TASK REQUIREMENTS:
Reproduce the records below in their entirety, exactly as shown.

Records from a collection
►
Definition Hsd (mu : probability X R) (y : 'I_M -> 'rV[R]_d) (w : 'I_M -> R)
  (c : 'rV[R]_d -> 'rV[R]_d -> R) (g : 'I_M -> R) : \bar R :=
  (\int[mu]_x (- ctrans c y g x) - (\sum_(j < M) w j * g j)%:E)%E.

Definition OT_well_posed (mu : probability X R) (y : 'I_M -> 'rV[R]_d) (w : 'I_M -> R)
  (c : 'rV[R]_d -> 'rV[R]_d -> R) : Prop :=
  measurable_fun [set: (X * X)%type] (fun z : (X * X)%type => c z.1 z.2) /\
  exists pi, coupling mu y w pi /\ transport_cost c pi = OT_value mu y w c /\
             transport_cost c pi \is a fin_num.

Definition strong_duality (mu : probability X R) (y : 'I_M -> 'rV[R]_d) (w : 'I_M -> R)
  (c : 'rV[R]_d -> 'rV[R]_d -> R) : Prop :=
  ereal_inf (range (Hsd mu y w c)) = (- OT_value mu y w c)%E.

Definition cnormK (c : 'rV[R]_d -> 'rV[R]_d -> R) (y : 'I_M -> 'rV[R]_d)
  (K : set 'rV[R]_d) : \bar R :=
  ereal_sup [set e | exists x j, K x /\ e = (`|c x (y j)|)%:E].

End OT.

From HB Require Import structures.
From mathcomp Require Import all_boot all_order all_algebra.
From mathcomp Require Import all_classical all_reals all_analysis.
From mathcomp Require Import lra measurable_realfun.
Import Order.TTheory GRing.Theory Num.Theory.
Import numFieldNormedType.Exports.
Local Open Scope classical_set_scope.
Local Open Scope ring_scope.

(* Raising the j-th potential of a minimizer g by eps > 0 raises sum_i w_i g_i by
   eps w_j, while -g^c only changes on the Laguerre cell L_j of the raised
   potential, and by at most eps there.  Minimality of H at g therefore forces
   mu(L_j) >= w_j.  As mu(K) > 1 - w_j, the cell meets K, and a point x of K in
   it gives g_i - g_j <= c(x, y_i) - c(x, y_j) + eps <= ||c||_{K,oo} + eps.
   Since the weights sum to 1, H is invariant under subtracting a constant from
   g, so g - min_k g_k is a minimizer with entries in [0, ||c||_{K,oo}]. *)

Definition bump {V : nmodType} {M : nat} (g : 'I_M -> V) (j : 'I_M) (eps : V) :
  'I_M -> V := fun i => g i + eps *+ (i == j).

Lemma weighted_sum_bump (R : nzSemiRingType) (M : nat) (w g : 'I_M -> R) j eps :
  \sum_(i < M) w i * bump g j eps i = \sum_(i < M) w i * g i + w j * eps.
Proof.
rewrite /bump; under eq_bigr do rewrite mulrDr; rewrite big_split /=; congr (_ + _).
rewrite (bigD1 j) //= eqxx mulr1n big1 ?addr0 // => i /negbTE->.
by rewrite mulr0n mulr0.
Qed.

Lemma weighted_sum_shift (R : nzRingType) (M : nat) (w g : 'I_M -> R) t :
  \sum_(i < M) w i = 1 -> \sum_(i < M) w i * (g i - t) = \sum_(i < M) w i * g i - t.
Proof. by move=> w1; under eq_bigr do rewrite mulrBr; rewrite sumrB -mulr_suml w1 mul1r. Qed.

Lemma abse_le_sandwich (R : realDomainType) (a b : \bar R) (e : R) : 0 <= e ->
  (a <= b)%E -> (b <= a + e%:E)%E -> (`|b| <= `|a| + e%:E)%E.
Proof.
case: a b => [a| |] [b| |] //= e0; rewrite ?leeNy_eq ?leey //.
rewrite -!EFinD !lee_fin => ab ba.
have := ler_norm a; have := ler_norm (- a); rewrite normrN => Na aN.
by rewrite ler_norml; apply/andP; split; lra.
Qed.

Section measure_facts.
Context {dT : measure_display} {T : measurableType dT} {R : realType}.

Lemma integrable_bounded_above (mu : {finite_measure set T -> \bar R})
    (f : T -> \bar R) (B : R) :
  measurable_fun [set: T] f -> (forall x, (f x <= B%:E)%E) ->
  (\int[mu]_x f x)%E \is a fin_num -> mu.-integrable [set: T] f.
Proof.
move=> mf fB f_fin; apply/integrableP; split => //.
have B0 : 0 <= Num.max B 0 by rewrite le_max lexx orbT.
have pos_fin : (\int[mu]_x f^\+ x)%E \is a fin_num.
  rewrite ge0_fin_numE; last by apply: integral_ge0 => x _; exact: funepos_ge0.
  apply: (@le_lt_trans _ _ (\int[mu]_x (cst (Num.max B 0)%:E) x)%E).
    apply: ge0_le_integral => //; first exact: measurable_funepos.
    move=> x _; rewrite funeposE /= ge_max lee_fin B0 andbT.
    by apply: le_trans (fB x) _; rewrite lee_fin le_max lexx.
  rewrite integral_cst // lte_mul_pinfty ?lee_fin // ltey_eq.
  by rewrite fin_num_measure.
have neg_fin : (\int[mu]_x f^\- x)%E \is a fin_num.
  by move: f_fin; rewrite integralE fin_numB => /andP[].
rewrite (_ : (fun x => `|f x|)%E = (f^\+ \+ f^\-)%E); last exact: fune_abse.
rewrite ge0_integralD //; [|exact: measurable_funepos|exact: measurable_funeneg].
by rewrite ltey_eq fin_numD pos_fin neg_fin.
Qed.

Lemma probability_setI_neq0 (P : probability T R) (A B : set T) :
  measurable A -> measurable B -> (1 < P A + P B)%E -> A `&` B !=set0.
Proof.
move=> mA mB PAB; apply/set0P/negP => /eqP AB0.
suff : (P A + P B <= 1)%E by rewrite leNgt PAB.
by rewrite -measureU // probability_le1 //; exact: measurableU.
Qed.

End measure_facts.

Definition laguerre_cell {R : realType} {d M : nat} (c : 'rV[R]_d -> 'rV[R]_d -> R)
    (y : 'I_M -> 'rV[R]_d) (g : 'I_M -> R) (j : 'I_M) : set (Rd R d) :=
  [set x | forall i, c x (y j) - g j <= c x (y i) - g i].

Section c_transform.
Context {R : realType} {d M : nat} (y : 'I_M -> 'rV[R]_d) (c : 'rV[R]_d -> 'rV[R]_d -> R).
Local Notation X := (Rd R d).
Local Notation ct := (ctrans c y).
◄
ANSWER TO THIS EXERCISE:
Definition Hsd (mu : probability X R) (y : 'I_M -> 'rV[R]_d) (w : 'I_M -> R)
  (c : 'rV[R]_d -> 'rV[R]_d -> R) (g : 'I_M -> R) : \bar R :=
  (\int[mu]_x (- ctrans c y g x) - (\sum_(j < M) w j * g j)%:E)%E.

Definition OT_well_posed (mu : probability X R) (y : 'I_M -> 'rV[R]_d) (w : 'I_M -> R)
  (c : 'rV[R]_d -> 'rV[R]_d -> R) : Prop :=
  measurable_fun [set: (X * X)%type] (fun z : (X * X)%type => c z.1 z.2) /\
  exists pi, coupling mu y w pi /\ transport_cost c pi = OT_value mu y w c /\
             transport_cost c pi \is a fin_num.

Definition strong_duality (mu : probability X R) (y : 'I_M -> 'rV[R]_d) (w : 'I_M -> R)
  (c : 'rV[R]_d -> 'rV[R]_d -> R) : Prop :=
  ereal_inf (range (Hsd mu y w c)) = (- OT_value mu y w c)%E.

Definition cnormK (c : 'rV[R]_d -> 'rV[R]_d -> R) (y : 'I_M -> 'rV[R]_d)
  (K : set 'rV[R]_d) : \bar R :=
  ereal_sup [set e | exists x j, K x /\ e = (`|c x (y j)|)%:E].

End OT.

From HB Require Import structures.
From mathcomp Require Import all_boot all_order all_algebra.
From mathcomp Require Import all_classical all_reals all_analysis.
From mathcomp Require Import lra measurable_realfun.
Import Order.TTheory GRing.Theory Num.Theory.
Import numFieldNormedType.Exports.
Local Open Scope classical_set_scope.
Local Open Scope ring_scope.

(* Raising the j-th potential of a minimizer g by eps > 0 raises sum_i w_i g_i by
   eps w_j, while -g^c only changes on the Laguerre cell L_j of the raised
   potential, and by at most eps there.  Minimality of H at g therefore forces
   mu(L_j) >= w_j.  As mu(K) > 1 - w_j, the cell meets K, and a point x of K in
   it gives g_i - g_j <= c(x, y_i) - c(x, y_j) + eps <= ||c||_{K,oo} + eps.
   Since the weights sum to 1, H is invariant under subtracting a constant from
   g, so g - min_k g_k is a minimizer with entries in [0, ||c||_{K,oo}]. *)

Definition bump {V : nmodType} {M : nat} (g : 'I_M -> V) (j : 'I_M) (eps : V) :
  'I_M -> V := fun i => g i + eps *+ (i == j).

Lemma weighted_sum_bump (R : nzSemiRingType) (M : nat) (w g : 'I_M -> R) j eps :
  \sum_(i < M) w i * bump g j eps i = \sum_(i < M) w i * g i + w j * eps.
Proof.
rewrite /bump; under eq_bigr do rewrite mulrDr; rewrite big_split /=; congr (_ + _).
rewrite (bigD1 j) //= eqxx mulr1n big1 ?addr0 // => i /negbTE->.
by rewrite mulr0n mulr0.
Qed.

Lemma weighted_sum_shift (R : nzRingType) (M : nat) (w g : 'I_M -> R) t :
  \sum_(i < M) w i = 1 -> \sum_(i < M) w i * (g i - t) = \sum_(i < M) w i * g i - t.
Proof. by move=> w1; under eq_bigr do rewrite mulrBr; rewrite sumrB -mulr_suml w1 mul1r. Qed.

Lemma abse_le_sandwich (R : realDomainType) (a b : \bar R) (e : R) : 0 <= e ->
  (a <= b)%E -> (b <= a + e%:E)%E -> (`|b| <= `|a| + e%:E)%E.
Proof.
case: a b => [a| |] [b| |] //= e0; rewrite ?leeNy_eq ?leey //.
rewrite -!EFinD !lee_fin => ab ba.
have := ler_norm a; have := ler_norm (- a); rewrite normrN => Na aN.
by rewrite ler_norml; apply/andP; split; lra.
Qed.

Section measure_facts.
Context {dT : measure_display} {T : measurableType dT} {R : realType}.

Lemma integrable_bounded_above (mu : {finite_measure set T -> \bar R})
    (f : T -> \bar R) (B : R) :
  measurable_fun [set: T] f -> (forall x, (f x <= B%:E)%E) ->
  (\int[mu]_x f x)%E \is a fin_num -> mu.-integrable [set: T] f.
Proof.
move=> mf fB f_fin; apply/integrableP; split => //.
have B0 : 0 <= Num.max B 0 by rewrite le_max lexx orbT.
have pos_fin : (\int[mu]_x f^\+ x)%E \is a fin_num.
  rewrite ge0_fin_numE; last by apply: integral_ge0 => x _; exact: funepos_ge0.
  apply: (@le_lt_trans _ _ (\int[mu]_x (cst (Num.max B 0)%:E) x)%E).
    apply: ge0_le_integral => //; first exact: measurable_funepos.
    move=> x _; rewrite funeposE /= ge_max lee_fin B0 andbT.
    by apply: le_trans (fB x) _; rewrite lee_fin le_max lexx.
  rewrite integral_cst // lte_mul_pinfty ?lee_fin // ltey_eq.
  by rewrite fin_num_measure.
have neg_fin : (\int[mu]_x f^\- x)%E \is a fin_num.
  by move: f_fin; rewrite integralE fin_numB => /andP[].
rewrite (_ : (fun x => `|f x|)%E = (f^\+ \+ f^\-)%E); last exact: fune_abse.
rewrite ge0_integralD //; [|exact: measurable_funepos|exact: measurable_funeneg].
by rewrite ltey_eq fin_numD pos_fin neg_fin.
Qed.

Lemma probability_setI_neq0 (P : probability T R) (A B : set T) :
  measurable A -> measurable B -> (1 < P A + P B)%E -> A `&` B !=set0.
Proof.
move=> mA mB PAB; apply/set0P/negP => /eqP AB0.
suff : (P A + P B <= 1)%E by rewrite leNgt PAB.
by rewrite -measureU // probability_le1 //; exact: measurableU.
Qed.

End measure_facts.

Definition laguerre_cell {R : realType} {d M : nat} (c : 'rV[R]_d -> 'rV[R]_d -> R)
    (y : 'I_M -> 'rV[R]_d) (g : 'I_M -> R) (j : 'I_M) : set (Rd R d) :=
  [set x | forall i, c x (y j) - g j <= c x (y i) - g i].

Section c_transform.
Context {R : realType} {d M : nat} (y : 'I_M -> 'rV[R]_d) (c : 'rV[R]_d -> 'rV[R]_d -> R).
Local Notation X := (Rd R d).
Local Notation ct := (ctrans c y).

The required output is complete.